A journey that begins in the segregated southern US ends with salutary lessons for 21st-century Britain. Tim Brighouse applauds the enduring brilliance of James A Banks
Race, Culture and Education: the selected works of James A Banks
Routledge World Library of Educationalists pound;22.99
This book made me ashamed of my ignorance in a way that I recall happening only once before. I had just started my second teaching job, in a secondary modern in South Wales at the beginning of the 1960s. My fifth year O-levelCSE group - how sepia-tinted it all appears now - was studying 19th-century British history. I was relieved, as this had been my period of special interest and study at university and I was naturally anxious to pick up quickly from where my predecessor had left off. The syllabus was with the Welsh exam board. The extent to which my youthful confidence was misplaced soon became clear as I learned of and then rapidly taught the shockingly brutal mistreatment of the Welsh by the British during that period. "Why hadn't my education covered that?" I asked myself.
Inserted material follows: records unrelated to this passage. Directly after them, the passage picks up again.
(* (i) For positive real numbers $a\ne b$, \[ \left[\frac{\Gamma(b)}{\Gamma(a)}\right]^{1/(b-a)}<\sqrt{ab}\,\left(\frac{a}{b}\right)^{1/(2(b-a))} \] holds if $0<|b-a|<1$, and the reverse strict inequality holds if $|b-a|>1$. (ii) Let $c\ne 0$ be real, and let $\beta,\gamma$ be real parameters. Consider the double inequality \[ \frac{(k-1)!}{2}\left[\left(\frac{1}{b-a}+\beta\right)\frac{1}{a^k}+\left(\beta-\frac{1}{b-a}\right)\frac{1}{b^k}\right] <\frac{(-1)^{k-1}\left[\psi^{(k-1)}(b)-\psi^{(k-1)}(a)\right]}{b-a} <\frac{(k-1)!}{2}\left[\left(\frac{1}{b-a}+\gamma\right)\frac{1}{a^k}+\left(\gamma-\frac{1}{b-a}\right)\frac{1}{b^k}\right]. \] If $0<|c|<1$, this double inequality holds for all $k\in\mathbb{N}$ and all positive $a,b$ with $b-a=c$ if and only if $\beta\le 1$ and $\gamma\ge\frac{1}{|c|}$. If $|c|>1$, it holds for all $k\in\mathbb{N}$ and all positive $a,b$ with $b-a=c$ if and only if $\beta\le\frac{1}{|c|}$ and $\gamma\ge 1$.
   Context: $\Gamma$ is Euler's gamma function, $\psi=\Gamma'/\Gamma$ is the digamma function, $\psi^{(0)}=\psi$ and $\psi^{(m)}$ denotes its $m$-th derivative; $\mathbb{N}=\{1,2,\dots\}$. Here $\gamma$ denotes a real parameter, not Euler's constant. *)

From Stdlib Require Import Reals Factorial.
From Coquelicot Require Import Coquelicot.
Open Scope R_scope.

(* Euler's Gamma function, by Euler's integral
   Gamma x = int_0^oo t^(x-1) e^(-t) dt  (meaningful for x > 0, which is all we use). *)
Definition Gamma (x : R) : R :=
  RInt_gen (fun t => Rpower t (x - 1) * exp (- t))
           (at_right 0) (Rbar_locally p_infty).

Definition digamma (x : R) : R := Derive Gamma x / Gamma x.

Definition polygamma (m : nat) (x : R) : R := Derive_n digamma m x.

Definition double_ineq (k : nat) (a b beta gam : R) : Prop :=
  INR (fact (k - 1)) / 2 *
    ((1 / (b - a) + beta) * / a ^ k + (beta - 1 / (b - a)) * / b ^ k)
  < (-1) ^ (k - 1) * (polygamma (k - 1) b - polygamma (k - 1) a) / (b - a)
  /\
  (-1) ^ (k - 1) * (polygamma (k - 1) b - polygamma (k - 1) a) / (b - a)
  < INR (fact (k - 1)) / 2 *
    ((1 / (b - a) + gam) * / a ^ k + (gam - 1 / (b - a)) * / b ^ k).

Definition holds_all (c beta gam : R) : Prop :=
  forall (k : nat) (a b : R), (1 <= k)%nat -> 0 < a -> 0 < b -> b - a = c ->
    double_ineq k a b beta gam.

(* Everything rests on Gamma (x + 1) = x Gamma x and the log-convexity of Gamma, both read
   off Euler's integral.  Comparing chord slopes of ln Gamma gives Wendel's bounds
   c ln (y - 1) <= ln Gamma (y + c) - ln Gamma y <= c ln (y + c), hence Gauss's limit formula
   for ln Gamma with an O(1/n) error; its first-order Taylor errors are uniformly O(h^2), so
   it may be differentiated termwise, and
   (-1)^m (psi^(m) b - psi^(m) a) / m! = sum_j ((a + j)^-(m+1) - (b + j)^-(m+1)).
   Telescoping over x = a, a + 1, a + 2, ... then writes both parts as series of the
   four-point combinations
   (1 - s) f x - (1 + s) f (x + c) + (1 + s) f (x + 1) - (1 - s) f (x + 1 + c)
   with f = t^-(m+1) (part ii, s = c t) or f = - ln t (part i, s = c).  When f'' is
   decreasing, convexity of s |-> f (y - s) - f (y + s) makes the combination at s = c
   positive for c < 1 and negative for c > 1; at s = 1 it is 2 (f (x + 1) - f (x + c)),
   and for decreasing f it decreases in s.  Sharpness of the constants in (ii) is seen
   at k = 1, letting a -> oo (at s = c the series is O(a^-3)) or a -> 0. *)

From Stdlib Require Import Reals Lra Lia Factorial.
From Coquelicot Require Import Coquelicot.
Open Scope R_scope.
James A Banks was starting his teaching career in the United States at the same time, and asking similar but even more pointed questions. He had been brought up a poor black boy in Arkansas, where the implications of segregation were in his face every day. The opening chapters of Banks's contribution to Routledge's excellent series of key educationists' selected writings graphically illustrate the consequences of hypocrisy and double standards as applied to black Americans.
The 1954 Brown judgment, which provided the stimulus for a reluctant white community to accept the drive for integrated schooling, came too late to affect Banks's own childhood. So his first-hand account of segregation at water fountains, doctors' and dentists' surgeries, churches and, of course, schools is especially powerful.
Banks recalls asking himself during his schooldays: "Why were the slaves pictured in the history books as happy?I The image of happy slaves was inconsistent with everything I knew about the African-American descendants of enslaved people from my segregated community. We had to drink water from the fountains labelled 'colored' and we could not use the city library. But we were not happy about either of these legal requirements. In fact we resisted these laws in powerful and subtle ways each day. As children we savoured the taste of 'white water' when the authorities were preoccupied with more serious infractions against the racial caste system."
He describes, too, the bewilderment of black children when they were splashed by the mud from buses ferrying white children to previously all-black schools when finally action was taken to desegregate education.
And all this at a time when in the UK we were indignant about apartheid in Rhodesia and South Africa but often less interested in the situation across the Atlantic, and at home.
Banks, its founding father, understands why "multicultural" education has sometimes received a bad press. It only needs a gaffe by one of its over-enthusiastic followers to bring a hail of a criticism on its head. So "Baa baa rainbow sheep" stories surface from time to time, leading to derision even from those who perhaps are uncomfortably aware of the continuing individual and institutional racism in our midst. Each time this happens, the latent racism of the man (and it is usually a man) in the street is reinforced. Why else would the BNP prosper?
Banks is more than a founding father: he's a rigorous, pioneering thinker and the pre-eminent black academic of my lifetime. Reading these extracts, meticulously argued with not a hint of unsubstantiated opinion, you can see why his influence has been seminal. His definition of social science is the best and most compelling I have ever read. The opening chapter of the section on "Teaching decision making and citizen action" should be read by every politician and education leader in the country.
His analysis and clarification of the stages of scientific thinking needed for sound decision-making reminds the reader just how irrational our political process has become as politicians increasingly make decisions based on what they think people want to hear. It's timely to remind ourselves that this faulty process is also being applied to our schooling system. How schools are organised, funded and made accountable, what they teach and even how they teach it, who is admitted to which school: all these decisions are being made at a national level where the political-media interface is at its most insidious.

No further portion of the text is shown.